======== Record extracts

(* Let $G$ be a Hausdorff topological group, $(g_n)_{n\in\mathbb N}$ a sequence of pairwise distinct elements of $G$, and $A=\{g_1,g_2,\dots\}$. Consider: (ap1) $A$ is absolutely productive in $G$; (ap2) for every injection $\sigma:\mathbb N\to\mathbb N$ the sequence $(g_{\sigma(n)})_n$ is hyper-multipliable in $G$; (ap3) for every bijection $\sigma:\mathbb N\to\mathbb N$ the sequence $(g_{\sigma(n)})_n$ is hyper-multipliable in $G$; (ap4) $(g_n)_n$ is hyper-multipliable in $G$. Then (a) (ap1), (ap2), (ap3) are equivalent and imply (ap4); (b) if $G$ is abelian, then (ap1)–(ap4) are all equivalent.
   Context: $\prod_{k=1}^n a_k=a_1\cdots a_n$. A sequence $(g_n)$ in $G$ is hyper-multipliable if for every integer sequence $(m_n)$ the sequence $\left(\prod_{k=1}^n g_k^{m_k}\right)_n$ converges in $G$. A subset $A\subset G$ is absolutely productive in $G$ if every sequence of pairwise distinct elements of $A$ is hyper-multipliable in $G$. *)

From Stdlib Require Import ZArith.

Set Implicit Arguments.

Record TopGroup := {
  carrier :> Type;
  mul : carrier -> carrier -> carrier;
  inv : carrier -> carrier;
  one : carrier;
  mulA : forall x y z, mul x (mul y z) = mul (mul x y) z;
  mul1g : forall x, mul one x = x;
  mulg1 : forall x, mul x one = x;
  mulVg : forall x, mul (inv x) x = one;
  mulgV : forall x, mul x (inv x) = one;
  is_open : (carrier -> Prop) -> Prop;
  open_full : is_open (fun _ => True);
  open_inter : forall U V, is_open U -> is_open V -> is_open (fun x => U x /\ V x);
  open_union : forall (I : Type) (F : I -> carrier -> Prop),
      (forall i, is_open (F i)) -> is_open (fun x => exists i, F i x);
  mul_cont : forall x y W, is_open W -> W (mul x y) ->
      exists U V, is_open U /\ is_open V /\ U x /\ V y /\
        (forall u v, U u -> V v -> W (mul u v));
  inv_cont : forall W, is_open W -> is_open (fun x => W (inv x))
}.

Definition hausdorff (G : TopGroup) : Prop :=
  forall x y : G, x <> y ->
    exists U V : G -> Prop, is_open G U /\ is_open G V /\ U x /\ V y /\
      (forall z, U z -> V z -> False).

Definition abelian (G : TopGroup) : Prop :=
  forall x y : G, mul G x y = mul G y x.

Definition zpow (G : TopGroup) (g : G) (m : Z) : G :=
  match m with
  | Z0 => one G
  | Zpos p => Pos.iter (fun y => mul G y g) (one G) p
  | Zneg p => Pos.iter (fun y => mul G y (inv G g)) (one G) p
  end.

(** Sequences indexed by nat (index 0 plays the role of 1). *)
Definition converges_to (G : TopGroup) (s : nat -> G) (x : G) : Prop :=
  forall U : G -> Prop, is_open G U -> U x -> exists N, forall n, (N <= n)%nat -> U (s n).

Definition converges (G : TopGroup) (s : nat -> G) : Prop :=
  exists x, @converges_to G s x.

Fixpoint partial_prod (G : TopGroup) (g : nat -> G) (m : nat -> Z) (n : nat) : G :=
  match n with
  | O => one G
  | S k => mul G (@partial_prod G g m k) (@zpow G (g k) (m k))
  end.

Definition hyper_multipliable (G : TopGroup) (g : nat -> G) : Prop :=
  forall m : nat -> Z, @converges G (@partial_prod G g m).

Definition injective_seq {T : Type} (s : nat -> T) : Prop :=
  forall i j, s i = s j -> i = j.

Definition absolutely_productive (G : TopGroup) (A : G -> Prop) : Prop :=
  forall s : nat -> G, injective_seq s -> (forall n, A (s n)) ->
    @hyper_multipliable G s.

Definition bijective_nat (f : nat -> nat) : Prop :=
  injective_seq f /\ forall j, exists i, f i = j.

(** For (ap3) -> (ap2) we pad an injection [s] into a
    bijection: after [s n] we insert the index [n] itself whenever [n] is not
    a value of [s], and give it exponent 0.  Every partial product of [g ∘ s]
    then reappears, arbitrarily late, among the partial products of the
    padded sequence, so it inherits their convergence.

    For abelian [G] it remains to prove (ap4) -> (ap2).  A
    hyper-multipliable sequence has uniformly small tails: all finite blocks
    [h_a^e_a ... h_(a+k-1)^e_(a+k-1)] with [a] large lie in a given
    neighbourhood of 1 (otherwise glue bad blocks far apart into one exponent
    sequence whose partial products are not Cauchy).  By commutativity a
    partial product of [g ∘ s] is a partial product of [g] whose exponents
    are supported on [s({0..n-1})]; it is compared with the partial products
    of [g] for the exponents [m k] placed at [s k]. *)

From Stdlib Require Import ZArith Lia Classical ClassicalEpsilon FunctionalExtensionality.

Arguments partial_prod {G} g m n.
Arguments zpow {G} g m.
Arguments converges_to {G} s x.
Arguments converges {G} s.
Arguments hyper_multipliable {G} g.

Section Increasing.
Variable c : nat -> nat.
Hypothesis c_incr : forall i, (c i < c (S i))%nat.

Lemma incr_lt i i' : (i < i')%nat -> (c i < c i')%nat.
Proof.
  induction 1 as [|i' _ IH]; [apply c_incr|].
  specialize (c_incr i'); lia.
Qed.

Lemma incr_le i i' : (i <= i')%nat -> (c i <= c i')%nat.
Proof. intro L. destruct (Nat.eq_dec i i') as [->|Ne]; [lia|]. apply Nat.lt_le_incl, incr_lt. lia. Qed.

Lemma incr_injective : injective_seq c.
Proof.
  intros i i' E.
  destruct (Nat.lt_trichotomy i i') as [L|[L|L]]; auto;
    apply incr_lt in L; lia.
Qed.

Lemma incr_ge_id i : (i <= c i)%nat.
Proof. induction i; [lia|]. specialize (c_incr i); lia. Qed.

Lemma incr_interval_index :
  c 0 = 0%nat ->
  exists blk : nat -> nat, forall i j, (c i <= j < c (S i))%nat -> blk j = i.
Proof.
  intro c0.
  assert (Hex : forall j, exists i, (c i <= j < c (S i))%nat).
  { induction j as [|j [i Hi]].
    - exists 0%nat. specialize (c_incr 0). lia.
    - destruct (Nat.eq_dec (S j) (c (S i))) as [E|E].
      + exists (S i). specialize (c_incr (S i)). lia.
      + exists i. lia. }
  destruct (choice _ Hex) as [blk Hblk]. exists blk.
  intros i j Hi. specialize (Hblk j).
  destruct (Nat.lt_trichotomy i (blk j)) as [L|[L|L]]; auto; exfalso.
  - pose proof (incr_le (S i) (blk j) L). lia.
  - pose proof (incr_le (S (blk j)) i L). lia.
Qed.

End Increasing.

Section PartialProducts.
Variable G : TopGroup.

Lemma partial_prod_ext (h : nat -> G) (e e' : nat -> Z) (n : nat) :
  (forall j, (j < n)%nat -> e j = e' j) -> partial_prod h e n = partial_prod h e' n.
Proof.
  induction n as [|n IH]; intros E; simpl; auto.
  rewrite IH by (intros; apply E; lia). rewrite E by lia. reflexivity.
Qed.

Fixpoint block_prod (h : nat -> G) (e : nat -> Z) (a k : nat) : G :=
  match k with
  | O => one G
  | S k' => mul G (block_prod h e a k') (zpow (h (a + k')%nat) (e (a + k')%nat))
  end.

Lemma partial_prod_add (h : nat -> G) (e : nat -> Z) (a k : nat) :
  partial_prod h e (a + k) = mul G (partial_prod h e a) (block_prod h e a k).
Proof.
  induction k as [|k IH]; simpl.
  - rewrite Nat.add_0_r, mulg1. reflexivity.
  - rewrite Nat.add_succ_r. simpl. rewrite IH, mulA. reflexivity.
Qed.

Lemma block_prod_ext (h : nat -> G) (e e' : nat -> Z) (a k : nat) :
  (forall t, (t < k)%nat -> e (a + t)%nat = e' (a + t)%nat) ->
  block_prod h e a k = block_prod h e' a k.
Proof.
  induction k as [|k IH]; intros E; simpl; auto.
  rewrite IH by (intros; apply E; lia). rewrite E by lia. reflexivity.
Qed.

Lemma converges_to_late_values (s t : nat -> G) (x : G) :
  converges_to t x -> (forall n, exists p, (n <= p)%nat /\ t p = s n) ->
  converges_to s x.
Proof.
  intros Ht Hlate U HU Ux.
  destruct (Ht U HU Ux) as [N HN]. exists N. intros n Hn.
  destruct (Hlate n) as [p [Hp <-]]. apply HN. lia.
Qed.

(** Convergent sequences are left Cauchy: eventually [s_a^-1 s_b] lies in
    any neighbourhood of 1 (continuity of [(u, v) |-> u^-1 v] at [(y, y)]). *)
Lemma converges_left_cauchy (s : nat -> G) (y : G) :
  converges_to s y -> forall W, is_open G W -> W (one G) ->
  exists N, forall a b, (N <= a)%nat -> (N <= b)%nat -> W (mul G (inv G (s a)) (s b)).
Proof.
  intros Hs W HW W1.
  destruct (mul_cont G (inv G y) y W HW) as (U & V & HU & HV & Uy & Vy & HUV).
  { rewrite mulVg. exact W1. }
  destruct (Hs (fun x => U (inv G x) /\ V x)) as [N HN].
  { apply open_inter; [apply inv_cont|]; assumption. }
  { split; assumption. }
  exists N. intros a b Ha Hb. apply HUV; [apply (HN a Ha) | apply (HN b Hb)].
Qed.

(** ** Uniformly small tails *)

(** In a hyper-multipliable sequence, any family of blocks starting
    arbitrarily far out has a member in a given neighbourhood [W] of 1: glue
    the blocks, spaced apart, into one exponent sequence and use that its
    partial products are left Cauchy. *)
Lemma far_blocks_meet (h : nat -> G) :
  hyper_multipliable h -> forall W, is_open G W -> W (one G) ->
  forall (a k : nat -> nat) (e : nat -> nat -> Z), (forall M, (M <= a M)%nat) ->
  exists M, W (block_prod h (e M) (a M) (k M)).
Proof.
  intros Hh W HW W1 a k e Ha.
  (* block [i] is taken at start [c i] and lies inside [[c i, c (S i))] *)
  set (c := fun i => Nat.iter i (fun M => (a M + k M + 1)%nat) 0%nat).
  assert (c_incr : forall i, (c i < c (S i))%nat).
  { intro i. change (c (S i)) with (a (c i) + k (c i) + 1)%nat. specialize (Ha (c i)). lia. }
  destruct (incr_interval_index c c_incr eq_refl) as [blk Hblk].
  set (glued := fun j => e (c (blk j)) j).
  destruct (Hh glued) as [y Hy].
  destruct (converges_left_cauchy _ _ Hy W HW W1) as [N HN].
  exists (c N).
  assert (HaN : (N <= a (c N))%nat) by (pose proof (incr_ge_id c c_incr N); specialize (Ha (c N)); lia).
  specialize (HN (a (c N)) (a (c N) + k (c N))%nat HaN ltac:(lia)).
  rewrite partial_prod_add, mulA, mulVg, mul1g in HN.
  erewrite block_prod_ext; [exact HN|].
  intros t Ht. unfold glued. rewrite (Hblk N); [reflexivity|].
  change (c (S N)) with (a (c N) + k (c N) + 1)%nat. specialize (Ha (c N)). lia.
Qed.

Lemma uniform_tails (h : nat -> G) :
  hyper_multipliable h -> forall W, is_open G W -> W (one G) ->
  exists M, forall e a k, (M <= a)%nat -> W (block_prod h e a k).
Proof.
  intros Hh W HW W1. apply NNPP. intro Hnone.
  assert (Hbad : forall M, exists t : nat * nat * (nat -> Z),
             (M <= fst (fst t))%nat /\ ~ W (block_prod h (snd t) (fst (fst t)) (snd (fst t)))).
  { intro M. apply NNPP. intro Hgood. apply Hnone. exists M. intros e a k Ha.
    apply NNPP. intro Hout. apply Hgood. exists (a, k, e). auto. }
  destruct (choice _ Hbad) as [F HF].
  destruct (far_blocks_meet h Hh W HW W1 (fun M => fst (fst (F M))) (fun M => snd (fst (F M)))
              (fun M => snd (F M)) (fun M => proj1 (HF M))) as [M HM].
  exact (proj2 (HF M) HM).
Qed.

================

Problem description - When you reach the line in the material above that holds "From Stdlib Require Import ZArith Lia", begin reproducing lines exactly, and stop after the line that holds "Lemma incr_le i".

Answer box -
From Stdlib Require Import ZArith Lia Classical ClassicalEpsilon FunctionalExtensionality.

Arguments partial_prod {G} g m n.
Arguments zpow {G} g m.
Arguments converges_to {G} s x.
Arguments converges {G} s.
Arguments hyper_multipliable {G} g.

Section Increasing.
Variable c : nat -> nat.
Hypothesis c_incr : forall i, (c i < c (S i))%nat.

Lemma incr_lt i i' : (i < i')%nat -> (c i < c i')%nat.
Proof.
  induction 1 as [|i' _ IH]; [apply c_incr|].
  specialize (c_incr i'); lia.
Qed.

Lemma incr_le i i' : (i <= i')%nat -> (c i <= c i')%nat.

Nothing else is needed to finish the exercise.